Like our skin, we wear a need for stories. Not fantastic, imagination-fueling works of art, but the kind of stories that have a job. They are what we wrap ourselves in to feel more secure – a way to put words onto something – to help life make sense.
We place them on our children, ourselves, our friends and partners; we make them about our homes, our work, our skills, and our faults. No one is immune from being wrapped in a story, and these lay over one another to make a heavy pile of odd, tender, and confusing textiles. We accumulate quite a collection over time.
If we don’t make the stories, we itch and we squirm, and we find ourselves unable to sleep within the difficulty of everyday human stressors. It’s uncomfortable. But when we make a story, and it fuels our sense of equilibrium, we can sleep. The ground feels solid again, and the clock resumes its methodical ticking away toward each long hour’s end. Sometimes, though, they are bad stories.
These are the ones that arm us, justified, against whatever we need them for. In these, we are just a little ink wiped off the pen, but not any of the words. We keep ourselves from being a “real” piece of the story. We pick a bouquet from the rich flow of information as it passes by. Then we settle right down into the righteousness, tinged with self-doubt, for a long winter’s nap. Those are the bad stories, the ones that leave us peeking into our softest parts, where there are worries and troubles.
Our guilt, our doubts, our thick shields – they make an unreliable compass at best, but there are seeds of truth in there, ever so tiny. If we aren’t quite sure, maybe our plot line needs revising.
On the other hand, from behind vindictive certainty, with absence of doubt, we are likely not listening deeply to the flow of information. We picked a hasty bouquet; we needed it’s salve right away.
There is no way around making stories, because it is what we do, and listening to the stories is how we join together – important for our survival. But when it is time to swallow the stories, we have a choice.
Anyone can make a story, about any circumstance, at any time, and it can lift, and spread like dandelions on the wind, placing things bright and yellow and pronounced in the cool green grass around them. They take root, and there will be fruit or flowers – sweet or bitter, fragrant or pungent.

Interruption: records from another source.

(* For every process term $p$ and every $d\in\mathbb{D}$: $[\![p]\!]\le d$ if and only if $(\mathbb{D},d)\models^a\varphi_p$.
   Context: Fix a finite set $\mathrm{Act}$ of events. For a dcpo $D$, $K(D)$ denotes its compact elements; a bifinite (SFP) domain is an algebraic dcpo in which for each finite $F\subseteq K(D)$ iterated minimal-upper-bound sets are finite and in $K(D)$ and every upper bound of $F$ is above a minimal upper bound. Scott topology: sets $U={\uparrow}(U\cap K(D))$; Lawson topology generated by ${\uparrow}k\setminus{\uparrow}l$, $k,l\in K(D)$. The mixed powerdomain $\mathcal{M}(D)$: pairs $(L,U)$, $L$ Scott-closed, $U$ Lawson-closed upper, $L={\downarrow}(L\cap U)$, ordered by $(L,U)\le(L',U')$ iff $L\subseteq L'$ and $U'\subseteq U$. $\mathbb{D}$ is the initial solution over bifinite domains of $\mathbb{D}\cong\prod_{\alpha\in\mathrm{Act}}\mathcal{M}(\mathbb{D})$, $d=((L^d_\alpha,U^d_\alpha))_\alpha$, viewed as a mixed transition system $(\mathbb{D},\mathbb{R}^a,\mathbb{R}^c)$ with $(d,\alpha,d')\in\mathbb{R}^a$ iff $d'\in L^d_\alpha$ and $(d,\alpha,d')\in\mathbb{R}^c$ iff $d'\in U^d_\alpha$. Hennessy–Milner logic: $\varphi::=tt\mid\neg\varphi\mid\langle\alpha\rangle\varphi\mid\varphi\wedge\varphi$; $[\alpha]\varphi:=\neg\langle\alpha\rangle\neg\varphi$, $\varphi\vee\psi:=\neg(\neg\varphi\wedge\neg\psi)$; empty conjunction is $tt$, empty disjunction is $\neg tt$. For $m\in\{a,c\}$ ($\neg a=c$, $\neg c=a$): $(\mathbb{D},d)\models^m tt$; $(\mathbb{D},d)\models^m\neg\varphi$ iff not $(\mathbb{D},d)\models^{\neg m}\varphi$; $(\mathbb{D},d)\models^m\langle\alpha\rangle\varphi$ iff $(\mathbb{D},d')\models^m\varphi$ for some $(d,\alpha,d')\in\mathbb{R}^m$; $\wedge$ componentwise. Process terms: $p::=\mathbf{0}\mid\bot\mid\alpha_{tt}.p\mid\alpha_\bot.p\mid p+p$ ($\alpha\in\mathrm{Act}$; neither summand of $+$ is $\mathbf{0}$ or $\bot$). Denotations: $[\![\mathbf{0}]\!]=((\emptyset,\emptyset))_\alpha$; $[\![\bot]\!]=((\emptyset,\mathbb{D}))_\alpha$; $[\![\alpha_{tt}.p]\!]$ has $\alpha$-component $({\downarrow}[\![p]\!],{\uparrow}[\![p]\!])$ and $(\emptyset,\emptyset)$ for $\beta\ne\alpha$; $[\![\alpha_\bot.p]\!]$ has $\alpha$-component $(\emptyset,{\uparrow}[\![p]\!])$ and $(\emptyset,\emptyset)$ for $\beta\ne\alpha$; $[\![p+q]\!]$ is the componentwise union of the $L$'s and of the $U$'s. Transitions: $\bot\xrightarrow{\gamma}_\bot\bot$ for all $\gamma$; $\alpha_{tt}.p\xrightarrow{\alpha}_{tt}p$; $\alpha_\bot.p\xrightarrow{\alpha}_\bot p$; if $p\xrightarrow{\alpha}_v p'$ then $p+q\xrightarrow{\alpha}_v p'$ and $q+p\xrightarrow{\alpha}_v p'$. Formulas: $\varphi_{\mathbf{0}}=\bigwedge_\alpha\neg\langle\alpha\rangle tt$; $\varphi_\bot=tt$; $\varphi_{\alpha_{tt}.p}=\langle\alpha\rangle\varphi_p\wedge[\alpha]\varphi_p\wedge\bigwedge_{\beta\ne\alpha}\neg\langle\beta\rangle tt$; $\varphi_{\alpha_\bot.p}=[\alpha]\varphi_p\wedge\bigwedge_{\beta\ne\alpha}\neg\langle\beta\rangle tt$; $\varphi_{p+q}=\bigwedge\{\langle\alpha\rangle\varphi_{r'} : p+q\xrightarrow{\alpha}_{tt}r'\}\wedge\bigwedge_{\alpha}[\alpha]\bigvee\{\varphi_{r'} : p+q\xrightarrow{\alpha}_v r',\ v\in\{\bot,tt\}\}$. *)

From Stdlib Require List.
From mathcomp Require Import all_boot.
Set Implicit Arguments.
Unset Strict Implicit.
Unset Printing Implicit Defensive.

Section Domains.
Variables (D : Type) (le : D -> D -> Prop).

Definition subset (A B : D -> Prop) := forall x, A x -> B x.
Definition seteq (A B : D -> Prop) := forall x, A x <-> B x.
Definition setC (A : D -> Prop) : D -> Prop := fun x => ~ A x.
Definition upset (A : D -> Prop) : D -> Prop := fun y => exists x, A x /\ le x y.
Definition downset (A : D -> Prop) : D -> Prop := fun y => exists x, A x /\ le y x.
Definition up (x : D) : D -> Prop := fun y => le x y.
Definition down (x : D) : D -> Prop := fun y => le y x.
Definition is_upper (A : D -> Prop) := forall x y, A x -> le x y -> A y.

Definition finite_set (A : D -> Prop) := exists l : list D, forall x, A x <-> List.In x l.

Definition partial_order :=
  (forall x, le x x) /\ (forall x y z, le x y -> le y z -> le x z) /\
  (forall x y, le x y -> le y x -> x = y).

Definition directed (S : D -> Prop) :=
  (exists x, S x) /\ (forall x y, S x -> S y -> exists z, S z /\ le x z /\ le y z).

Definition upper_bound (S : D -> Prop) (x : D) := forall s, S s -> le s x.
Definition is_lub (S : D -> Prop) (x : D) :=
  upper_bound S x /\ forall y, upper_bound S y -> le x y.

Definition dcpo := partial_order /\ forall S, directed S -> exists x, is_lub S x.

Definition compact (k : D) :=
  forall S x, directed S -> is_lub S x -> le k x -> exists s, S s /\ le k s.

Definition algebraic :=
  dcpo /\ forall x, directed (fun k => compact k /\ le k x) /\
                    is_lub (fun k => compact k /\ le k x) x.

Definition mub (A : D -> Prop) : D -> Prop :=
  fun x => upper_bound A x /\ forall y, upper_bound A y -> le y x -> y = x.

Definition mub_closure (F : D -> Prop) : D -> Prop :=
  fun x => forall C : D -> Prop,
    subset F C ->
    (forall G, finite_set G -> subset G C -> subset (mub G) C) -> C x.

Definition bifinite :=
  algebraic /\
  forall F, finite_set F -> subset F compact ->
    finite_set (mub_closure F) /\ subset (mub_closure F) compact /\
    (forall y, upper_bound F y -> exists m, mub F m /\ le m y).

Definition scott_open (U : D -> Prop) :=
  forall x, U x <-> exists k, compact k /\ U k /\ le k x.
Definition scott_closed (L : D -> Prop) := scott_open (setC L).

(* Lawson topology: generated by the subbasis  up k \ up l,  k, l compact;
   open sets are unions of finite intersections of subbasic sets *)
Definition in_subbasic_meet (ps : list (D * D)) (x : D) :=
  forall kl, List.In kl ps -> le kl.1 x /\ ~ le kl.2 x.
Definition lawson_open (O : D -> Prop) :=
  forall x, O x -> exists ps : list (D * D),
    (forall kl, List.In kl ps -> compact kl.1 /\ compact kl.2) /\
    in_subbasic_meet ps x /\ (forall y, in_subbasic_meet ps y -> O y).
Definition lawson_closed (U : D -> Prop) := lawson_open (setC U).

Definition mpd := ((D -> Prop) * (D -> Prop))%type.
Definition mixed (LU : mpd) :=
  scott_closed LU.1 /\ lawson_closed LU.2 /\ is_upper LU.2 /\
  seteq LU.1 (downset (fun y => LU.1 y /\ LU.2 y)).
Definition mpd_le (LU LU' : mpd) := subset LU.1 LU'.1 /\ subset LU'.2 LU.2.

End Domains.

Section Solution.
Variables (Act : finType) (D : Type) (le : D -> D -> Prop).
Variables (unfold : D -> Act -> mpd D) (fold : (Act -> mpd D) -> D).

Definition mixed_solution :=
  bifinite le /\
  (forall d a, mixed le (unfold d a)) /\
  (forall t : Act -> mpd D, (forall a, mixed le (t a)) ->
     forall a, seteq (unfold (fold t) a).1 (t a).1 /\ seteq (unfold (fold t) a).2 (t a).2) /\
  (forall d, fold (unfold d) = d) /\
  (forall d d', le d d' <-> forall a, mpd_le (unfold d a) (unfold d' a)).

(* transition relations R^a (mode true) and R^c (mode false) *)
Definition trans_rel (m : bool) (d : D) (a : Act) (d' : D) :=
  if m then (unfold d a).1 d' else (unfold d a).2 d'.

End Solution.

Inductive form (Act : Type) : Type :=
| TT
| Neg of form Act
| Dia of Act & form Act
| And of form Act & form Act.
Arguments TT {Act}.

Definition Box (Act : Type) (a : Act) (f : form Act) := Neg (Dia a (Neg f)).
Definition Or (Act : Type) (f g : form Act) := Neg (And (Neg f) (Neg g)).
Definition bigAnd (Act : Type) (fs : seq (form Act)) := foldr (@And Act) TT fs.
Definition bigOr (Act : Type) (fs : seq (form Act)) := foldr (@Or Act) (Neg TT) fs.

(* mode true = a (may/"a"), mode false = c *)
Fixpoint sat (Act : finType) (D : Type) (unfold : D -> Act -> mpd D)
    (m : bool) (d : D) (f : form Act) {struct f} : Prop :=
  match f with
  | TT => True
  | Neg g => ~ sat unfold (~~ m) d g
  | Dia a g => exists d', trans_rel unfold m d a d' /\ sat unfold m d' g
  | And g h => sat unfold m d g /\ sat unfold m d h
  end.

Inductive proc (Act : Type) : Type :=
| PNil
| PBot
| PreT of Act & proc Act
| PreB of Act & proc Act
| PSum of proc Act & proc Act.
Arguments PNil {Act}.
Arguments PBot {Act}.

Fixpoint wf_proc (Act : Type) (p : proc Act) : Prop :=
  match p with
  | PNil | PBot => True
  | PreT _ q | PreB _ q => wf_proc q
  | PSum q r =>
      q <> PNil /\ q <> PBot /\ r <> PNil /\ r <> PBot /\ wf_proc q /\ wf_proc r
  end.

Section Procs.
Variable Act : finType.

(* labelled transitions  p --alpha-->_v p'  as triples (alpha, v, p'),
   v = true for tt, v = false for bot *)
Fixpoint trans (p : proc Act) : seq (Act * bool * proc Act) :=
  match p with
  | PNil => [::]
  | PBot => [seq (g, false, PBot) | g <- enum Act]
  | PreT a q => [:: (a, true, q)]
  | PreB a q => [:: (a, false, q)]
  | PSum q r => trans q ++ trans r
  end.

Definition no_other (a : Act) : form Act :=
  bigAnd [seq Neg (Dia b TT) | b <- enum Act & b != a].

(* characteristic formula phi_p; in the sum case the nested function [tr]
   computes [seq (t.1, phi t.2) | t <- trans s] (structurally). *)
Fixpoint phi (p : proc Act) : form Act :=
  match p with
  | PNil => bigAnd [seq Neg (Dia a TT) | a <- enum Act]
  | PBot => TT
  | PreT a q => And (And (Dia a (phi q)) (Box a (phi q))) (no_other a)
  | PreB a q => And (Box a (phi q)) (no_other a)
  | PSum q r =>
      let fix tr (s : proc Act) : seq (Act * bool * form Act) :=
        match s with
        | PNil => [::]
        | PBot => [seq (g, false, phi s) | g <- enum Act]
        | PreT a s' => [:: (a, true, phi s')]
        | PreB a s' => [:: (a, false, phi s')]
        | PSum s1 s2 => tr s1 ++ tr s2
        end in
      let ts := tr q ++ tr r in
      And (bigAnd [seq Dia t.1.1 t.2 | t <- ts & t.1.2])
          (bigAnd [seq Box a (bigOr [seq t.2 | t <- ts & t.1.1 == a]) | a <- enum Act])
  end.

Variables (D : Type) (le : D -> D -> Prop).
Variables (unfold : D -> Act -> mpd D) (fold : (Act -> mpd D) -> D).

Definition emptyset : D -> Prop := fun _ => False.
Definition fullset : D -> Prop := fun _ => True.

Fixpoint den (p : proc Act) : D :=
  match p with
  | PNil => fold (fun _ => (emptyset, emptyset))
  | PBot => fold (fun _ => (emptyset, fullset))
  | PreT a q => fold (fun b => if b == a then (down le (den q), up le (den q))
                               else (emptyset, emptyset))
  | PreB a q => fold (fun b => if b == a then (emptyset, up le (den q))
                               else (emptyset, emptyset))
  | PSum q r =>
      let dq := den q in let dr := den r in
      fold (fun b => ((fun x => (unfold dq b).1 x \/ (unfold dr b).1 x),
                      (fun x => (unfold dq b).2 x \/ (unfold dr b).2 x)))
  end.

End Procs.

(* Both sides reduce, one transition step at a time, to the same condition on d:
   for every action a, each transition p --a-->_tt q is answered by an a-may-successor
   of d related to q, and each a-must-successor of d is related to the target q of some
   transition p --a-->_v q.  For the order, "related to q" means "above [[q]]": the
   a-component of [[p]] is the pair (down-closure of the [[q]] with p --a-->_tt q,
   up-closure of all [[q]] with p --a-->_v q), the isomorphism D ~ prod M(D) compares
   components by inclusion, and may-sets are lower sets.  For the logic it means
   "satisfies phi_q", which is how phi_p is built.  Targets of transitions are
   subterms of p or bot, so induction on p identifies the two conditions. *)

From Stdlib Require Import Classical.
From mathcomp Require Import all_boot.
Set Implicit Arguments.
Unset Strict Implicit.

Lemma In_mem (T : eqType) (x : T) (s : seq T) : x \in s -> List.In x s.
Proof. by elim: s => //= y s IH; rewrite inE => /orP [/eqP ->|/IH]; [left|right]. Qed.

Lemma In_enum (T : finType) (x : T) : List.In x (enum T).
Proof. by apply: In_mem; rewrite mem_enum. Qed.

Section Algebraic.
Variables (D : Type) (le : D -> D -> Prop).
Hypothesis alg : algebraic le.

Lemma le_refl x : le x x.
Proof. by have [[[refl _] _] _] := alg. Qed.

Lemma le_trans x y z : le x y -> le y z -> le x z.
Proof. by have [[[_ [trans _]] _] _] := alg; apply: trans. Qed.

Lemma compact_below x : exists k, compact le k /\ le k x.
Proof. by case: alg => _ /(_ x) [[[k]]]; exists k. Qed.

Lemma compact_directed x k1 k2 : compact le k1 -> le k1 x -> compact le k2 -> le k2 x ->
  exists k, compact le k /\ le k x /\ le k1 k /\ le k2 k.
Proof.
case: alg => _ /(_ x) [[_ dir] _] ck1 k1x ck2 k2x.
by have [k [[ck kx] [k1k k2k]]] := dir k1 k2 (conj ck1 k1x) (conj ck2 k2x); exists k.
Qed.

We are our own jury. Whether we believe or disbelieve, and file them away or simply hear them, nod, and allow them to settle loosely like sand, we decide.
Remain curious, and open. There is always information deep in the flow, that we are not aware of or able to hear.
Don’t let a story trap you, or others, in a sticky mess. Pay attention to the green grass AS WELL AS the bright markers all around us.
Fight the itch. Ask yourself, is it important to wrap myself in this? Is it important for this to grow a deep and tenacious root?
With attention, the need starts to subside, and then there are just the things that happen in a life, with nothing added. Those are our real stories, and we are just here.
No story should cause us to stray from a simple important fact – we are all here together, and we all have soft parts. Proceed with caution, with care, and be especially gentle when wrapping our children in story. They are the softest of all.